━━━ Records for this task

Lemma Z_Z_adjacency i :
  (Z i = set0 \/ Z (sh i 3) :|: Z (sh i 4) = set0) /\
  anticomplete adj (Z i) (Z (sh i 1) :|: Z (sh i 2) :|: Z (sh i 5) :|: Z (sh i 6)).
Proof.
split.
- apply: exclusiveU.
  + by apply: (exclusive_forced KZ KZ (val_sh i 3)); vm_compute.
  + by apply: (exclusive_forced KZ KZ (val_sh i 4)); vm_compute.
- do !apply: anticompleteU.
  + by apply: (anticomplete_forced KZ KZ (val_sh i 1)); vm_compute.
  + by apply: (anticomplete_forced KZ KZ (val_sh i 2)); vm_compute.
  + by apply: (anticomplete_forced KZ KZ (val_sh i 5)); vm_compute.
  + by apply: (anticomplete_forced KZ KZ (val_sh i 6)); vm_compute.
Qed.

Lemma Z_X_adjacency i :
  (Z i = set0 \/ X i :|: X (sh i 4) :|: X (sh i 6) = set0) /\
  anticomplete adj (Z i) (X (sh i 1) :|: X (sh i 2) :|: X (sh i 3) :|: X (sh i 5)).
Proof.
split.
- do !apply: exclusiveU.
  + by apply: (exclusive_forced KZ KX (val_sh0 i)); vm_compute.
  + by apply: (exclusive_forced KZ KX (val_sh i 4)); vm_compute.
  + by apply: (exclusive_forced KZ KX (val_sh i 6)); vm_compute.
- do !apply: anticompleteU.
  + by apply: (anticomplete_forced KZ KX (val_sh i 1)); vm_compute.
  + by apply: (anticomplete_forced KZ KX (val_sh i 2)); vm_compute.
  + by apply: (anticomplete_forced KZ KX (val_sh i 3)); vm_compute.
  + by apply: (anticomplete_forced KZ KX (val_sh i 5)); vm_compute.
Qed.
(* Let $\Gamma$ be a connected countable graph and let $(B_n)_{n\in\mathbb N}$ satisfy $(\dagger)$. Let $u,v\in V(\Gamma)$ be such that no maximum matching misses both $u$ and $v$, but there are maximum matchings $M_u$ and $M_v$ missing $u$ and $v$ respectively. Then $M_u\oplus M_v$ contains a path of even length with end-vertices $u$ and $v$.
   Context: Condition $(\dagger)$ on $(B_n)_{n\in\mathbb N}$: each $B_n\subseteq V(\Gamma)$ is finite, $B_n\subseteq B_{n+1}$, $\bigcup_n B_n=V(\Gamma)$, and the subgraph induced on each $B_n$ is connected. A matching $M$ misses a vertex $x$ if no edge of $M$ contains $x$. The miss sequence of $M$ is $(m_n)_{n\in\mathbb N}$ with $m_n$ the number of vertices of $B_n$ missed by $M$. For matchings $M_1,M_2$ with miss sequences $(a_n),(b_n)$, write $M_1<M_2$ if there is $N$ with $a_n=b_n$ for all $n<N$ and $a_N>b_N$. A maximum matching is a matching $M$ for which no matching $M'$ satisfies $M<M'$. $S\oplus T=(S\cup T)\setminus(S\cap T)$. *)

From mathcomp Require Import all_boot.
Set Implicit Arguments. Unset Strict Implicit. Unset Printing Implicit Defensive.

Section Graphs.
Variable V : countType.

Definition simple_graph (adj : rel V) := symmetric adj /\ irreflexive adj.

Definition joined_in (adj : rel V) (P : pred V) (x y : V) :=
  exists p : seq V, [/\ path adj x p, last x p = y & all P (x :: p)].

Definition connected_graph (adj : rel V) := forall x y, joined_in adj predT x y.

(* Condition (dagger): B n finite (a duplicate-free list), nested, exhausting,
   and inducing connected subgraphs. *)
Definition dagger (adj : rel V) (B : nat -> seq V) :=
  [/\ forall n, uniq (B n),
      forall n, {subset B n <= B n.+1},
      forall x, exists n, x \in B n
    & forall n x y, x \in B n -> y \in B n -> joined_in adj (mem (B n)) x y].

(* A matching is encoded by its mate function: M x = Some y iff {x,y} is an
   edge of the matching; M x = None iff x is missed. *)
Definition matching (adj : rel V) (M : V -> option V) :=
  forall x y, M x = Some y -> adj x y /\ M y = Some x.

Definition in_matching (M : V -> option V) (x y : V) : bool := M x == Some y.

Definition misses (M : V -> option V) (x : V) : bool := M x == None.

Definition miss_seq (B : nat -> seq V) (M : V -> option V) (n : nat) : nat :=
  count (misses M) (B n).

Definition mlt (B : nat -> seq V) (M1 M2 : V -> option V) :=
  exists N, (forall n, n < N -> miss_seq B M1 n = miss_seq B M2 n)
            /\ miss_seq B M1 N > miss_seq B M2 N.

Definition maximum_matching adj B (M : V -> option V) :=
  matching adj M /\ ~ exists M', matching adj M' /\ mlt B M M'.

Definition in_symdiff (M1 M2 : V -> option V) (x y : V) : bool :=
  in_matching M1 x y != in_matching M2 x y.

(* M1 (+) M2 contains a path (distinct vertices) of even length from u to v;
   the path is u :: p, of length size p. *)
Definition symdiff_even_path (M1 M2 : V -> option V) (u v : V) :=
  exists p : seq V, [/\ path (in_symdiff M1 M2) u p, last u p = v,
                        uniq (u :: p) & ~~ odd (size p)].
End Graphs.

(* Let C be the set of vertices reachable from u by a walk in
   Mu (+) Mv.  C is closed under the edges of Mu (+) Mv, so the function that
   follows Mu inside C and Mv outside C is again a matching; the same holds
   for the opposite swap.  The two swapped matchings together miss exactly
   as many vertices of every B_n as Mu and Mv together, and since maximum
   matchings all have the same miss sequence, neither swap can be strictly
   worse than a maximum matching: both are maximum.  If v were outside C,
   the first swap would miss u (as Mu does) and v (as Mv does), which is
   excluded; hence v is reachable from u.  Shortening the walk gives a path
   of distinct vertices from u to v; it alternates between Mu and Mv and
   starts and ends at a vertex missed by the matching it does not use there,
   which forces its length to be even. *)
From Stdlib Require Import ClassicalEpsilon Classical.
From mathcomp Require Import all_boot zify.
Set Implicit Arguments. Unset Strict Implicit. Unset Printing Implicit Defensive.

Section AlternatingSwap.
Variable V : countType.
Variable adj : rel V.

Lemma in_symdiffC (M1 M2 : V -> option V) : in_symdiff M1 M2 =2 in_symdiff M2 M1.
Proof. by move=> x y; rewrite /in_symdiff eq_sym. Qed.

Lemma in_symdiff_sym (M1 M2 : V -> option V) x y :
  matching adj M1 -> matching adj M2 ->
  in_symdiff M1 M2 x y = in_symdiff M1 M2 y x.
Proof.
move=> m1 m2.
have mate (M : V -> option V) : matching adj M -> in_matching M x y = in_matching M y x.
  move=> m; rewrite /in_matching.
  by apply/eqP/eqP => [/m[]|/m[]].
by rewrite /in_symdiff (mate _ m1) (mate _ m2).
Qed.

Definition swap (C : pred V) (M1 M2 : V -> option V) (x : V) : option V :=
  if C x then M1 x else M2 x.

Definition symdiff_closed (M1 M2 : V -> option V) (C : pred V) :=
  forall x y, C x -> in_symdiff M1 M2 x y -> C y.

Section Swap.
Variables (M1 M2 : V -> option V) (C : pred V).
Hypotheses (m1 : matching adj M1) (m2 : matching adj M2).
Hypothesis closedC : symdiff_closed M1 M2 C.

Lemma symdiff_closedC : symdiff_closed M2 M1 (predC C).
Proof.
move=> x y /negP nCx Exy; apply/negP => Cy; apply: nCx.
by apply: (closedC Cy); rewrite in_symdiff_sym // in_symdiffC.
Qed.

Lemma swap_mate x y : C x -> M1 x = Some y -> swap C M1 M2 y = Some x.
Proof.
move=> Cx M1xy; rewrite /swap; have [_ M1yx] := m1 M1xy.
case Cy: (C y) => //.
have M2xy : M2 x = Some y.
  apply/eqP; apply: contraFT Cy => M2xy; apply: (closedC Cx).
  by rewrite /in_symdiff /in_matching M1xy eqxx.
by have [] := m2 M2xy.
Qed.

End Swap.

Lemma swap_matching (M1 M2 : V -> option V) (C : pred V) :
  matching adj M1 -> matching adj M2 -> symdiff_closed M1 M2 C ->
  matching adj (swap C M1 M2).
Proof.
move=> m1 m2 closedC x y; rewrite {1}/swap; case Cx: (C x) => Mxy.
  split; first by have [] := m1 _ _ Mxy.
  by apply: (swap_mate m1 m2 closedC) Mxy; rewrite Cx.
split; first by have [] := m2 _ _ Mxy.
have := swap_mate m2 m1 (symdiff_closedC m1 m2 closedC) (x := x) (y := y).
by rewrite /swap /= Cx => /(_ isT Mxy); case: (C y).
Qed.

Lemma count_misses_swap (M1 M2 : V -> option V) (C : pred V) (s : seq V) :
  count (misses (swap C M1 M2)) s + count (misses (swap C M2 M1)) s =
  count (misses M1) s + count (misses M2) s.
Proof.
elim: s => [//|x s IH] /=.
have Ex : misses (swap C M1 M2) x + misses (swap C M2 M1) x =
          misses M1 x + misses M2 x.
  by rewrite /misses /swap; case: (C x) => //; rewrite addnC.
lia.
Qed.

(* A path of distinct vertices in M1 (+) M2 whose first vertex is not
   M1-matched into the path uses M2 and M1 alternately; so its length is
   even if M2 misses its end, and odd if M1 misses its (distinct) end. *)
Lemma alternating_path_parity (p : seq V) (M1 M2 : V -> option V) x :
  matching adj M1 -> matching adj M2 ->
  path (in_symdiff M1 M2) x p -> uniq (x :: p) ->
  (forall y, M1 x = Some y -> y \notin p) ->
  (M2 (last x p) = None -> ~~ odd (size p)) /\
  (M1 (last x p) = None -> p != [::] -> odd (size p)).
Proof.
elim: p M1 M2 x => [|y q IH] M1 M2 x m1 m2 /=; first by [].
move=> /andP[Exy Hq] /andP[]; rewrite inE negb_or => /andP[_ x_q] uq Hx.
have M2xy : M2 x = Some y.
  move: Exy; rewrite /in_symdiff /in_matching.
  case: (M1 x =P Some y) => [/Hx|_]; first by rewrite inE eqxx.
  by case: (M2 x =P Some y).
have [_ M2yx] := m2 _ _ M2xy.
have Hq' : path (in_symdiff M2 M1) y q by rewrite (eq_path (@in_symdiffC M2 M1)).
have y_mate : forall w, M2 y = Some w -> w \notin q by move=> w; rewrite M2yx => -[<-].
have [IH2 IH1] := IH M2 M1 y m2 m1 Hq' uq y_mate.
split => [Mlast|Mlast _]; last by apply: IH2.
have q0 : q != [::] by apply/eqP => q_nil; move: Mlast; rewrite q_nil /= M2yx.
by rewrite negbK; apply: IH1.
Qed.

Lemma exposed_alternating_path_even (p : seq V) (M1 M2 : V -> option V) x :
  matching adj M1 -> matching adj M2 ->
  path (in_symdiff M1 M2) x p -> uniq (x :: p) ->
  M1 x = None -> M2 (last x p) = None -> ~~ odd (size p).
Proof.
move=> m1 m2 Hp uxp M1x.
have x_mate : forall y, M1 x = Some y -> y \notin p by move=> y; rewrite M1x.
exact: (alternating_path_parity m1 m2 Hp uxp x_mate).1.
Qed.

End AlternatingSwap.

Section MissSequences.
Variable V : countType.
Variable adj : rel V.
Variable B : nat -> seq V.

Lemma first_difference (f g : nat -> nat) :
  ~ (forall n, f n = g n) ->
  exists N, (forall n, n < N -> f n = g n) /\ f N <> g N.
Proof.
move=> fg; have ex : exists n, f n != g n.
  apply: NNPP => nex; apply: fg => n; apply/eqP/negPn/negP => fgn.
  by apply: nex; exists n.
exists (ex_minn ex); case: ex_minnP => m /eqP fgm minm; split => // n ltnm.
by apply/eqP/negPn/negP => /minm; rewrite leqNgt ltnm.
Qed.

Lemma maximum_miss_seq_eq (M1 M2 : V -> option V) :
  maximum_matching adj B M1 -> maximum_matching adj B M2 ->
  forall n, miss_seq B M1 n = miss_seq B M2 n.
Proof.
move=> [m1 max1] [m2 max2]; apply: NNPP => /first_difference[N [eqN neN]].
case: (ltngtP (miss_seq B M1 N) (miss_seq B M2 N)) => // ltN.
- by apply: max2; exists M1; split => //; exists N; split => // n /eqN.
- by apply: max1; exists M2; split => //; exists N.
Qed.

Lemma maximum_of_miss_seq_eq (M M' : V -> option V) :
  maximum_matching adj B M -> matching adj M' ->
  (forall n, miss_seq B M' n = miss_seq B M n) -> maximum_matching adj B M'.
Proof.
move=> [_ maxM] m' eqM'; split => // -[M'' [m'' [N [eqN ltN]]]].
apply: maxM; exists M''; split => //; exists N.
by split=> [n /eqN|]; rewrite -eqM'.
Qed.

Lemma miss_seq_eq_of_average (M M' M'' : V -> option V) :
  maximum_matching adj B M -> matching adj M' -> matching adj M'' ->
  (forall n, miss_seq B M' n + miss_seq B M'' n = 2 * miss_seq B M n) ->
  forall n, miss_seq B M' n = miss_seq B M n.
Proof.
move=> [m maxM] m' m'' sum; apply: NNPP => /first_difference[N [eqN neN]].
case: (ltngtP (miss_seq B M' N) (miss_seq B M N)) => // ltN; apply: maxM.
- by exists M'; split => //; exists N; split => // n /eqN.
- exists M''; split => //; exists N; split; last by have := sum N; lia.
  by move=> n /eqN eqn; have := sum n; lia.
Qed.

Lemma swap_maximum (M1 M2 : V -> option V) (C : pred V) :
  maximum_matching adj B M1 -> maximum_matching adj B M2 ->
  symdiff_closed M1 M2 C -> maximum_matching adj B (swap C M1 M2).
Proof.
move=> max1 max2 closedC; have [m1 m2] := (max1.1, max2.1).
have closedC' : symdiff_closed M2 M1 C.
  by move=> x y Cx; rewrite in_symdiffC; apply: closedC.
have sw := swap_matching m1 m2 closedC.
apply: (maximum_of_miss_seq_eq max2 sw).
apply: (miss_seq_eq_of_average max2 sw (swap_matching m2 m1 closedC')) => n.
rewrite /miss_seq count_misses_swap -/(miss_seq B M1 n) -/(miss_seq B M2 n).
by rewrite (maximum_miss_seq_eq max1 max2 n) mul2n addnn.
Qed.

End MissSequences.

Section Reachability.
Variable V : countType.

Definition symdiff_reach (M1 M2 : V -> option V) (u x : V) : Prop :=
  exists p, path (in_symdiff M1 M2) u p /\ last u p = x.

Definition reach_set (M1 M2 : V -> option V) (u : V) : pred V :=
  fun x => if excluded_middle_informative (symdiff_reach M1 M2 u x)
           then true else false.

Lemma reach_setP M1 M2 u x :
  reflect (symdiff_reach M1 M2 u x) (reach_set M1 M2 u x).
Proof. by rewrite /reach_set; case: excluded_middle_informative; constructor. Qed.

Lemma reach_set_closed M1 M2 u : symdiff_closed M1 M2 (reach_set M1 M2 u).
Proof.
move=> x y /reach_setP[p [Hp <-]] Exy; apply/reach_setP.
by exists (rcons p y); rewrite rcons_path last_rcons Hp Exy.
Qed.

End Reachability.

Theorem lemmaA3 (V : countType) (adj : rel V) (B : nat -> seq V)
  (Hg : simple_graph adj) (Hc : connected_graph adj) (HB : dagger adj B)
  (u v : V) (Mu Mv : V -> option V) :
  ~ (exists M, maximum_matching adj B M /\ misses M u /\ misses M v) ->
  maximum_matching adj B Mu -> misses Mu u ->
  maximum_matching adj B Mv -> misses Mv v ->
  symdiff_even_path Mu Mv u v.
Proof.
move=> no_common maxMu /eqP Mu_u maxMv /eqP Mv_v.
pose C := reach_set Mu Mv u.
have Cu : C u by apply/reach_setP; exists [::].
have maxSw := swap_maximum maxMu maxMv (@reach_set_closed V Mu Mv u).
have /reach_setP[p [Hp last_p]] : C v.
  apply: contraT => notCv; case: no_common; exists (swap C Mu Mv).
  split; first exact: maxSw.
  by rewrite /misses /swap Cu (negbTE notCv) Mu_u Mv_v.
move: last_p; case: (shortenP Hp) => q Hq uq _ last_q.
exists q; split => //.
by apply: exposed_alternating_path_even maxMu.1 maxMv.1 Hq uq Mu_u _; rewrite last_q.
Qed.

━━━━━━

About this exercise :: In the records above, find each line with the word "maxMv" and copy it out.

Exercise output ::
move=> no_common maxMu /eqP Mu_u maxMv /eqP Mv_v.
have maxSw := swap_maximum maxMu maxMv (@reach_set_closed V Mu Mv u).
by apply: exposed_alternating_path_even maxMu.1 maxMv.1 Hq uq Mu_u _; rewrite last_q.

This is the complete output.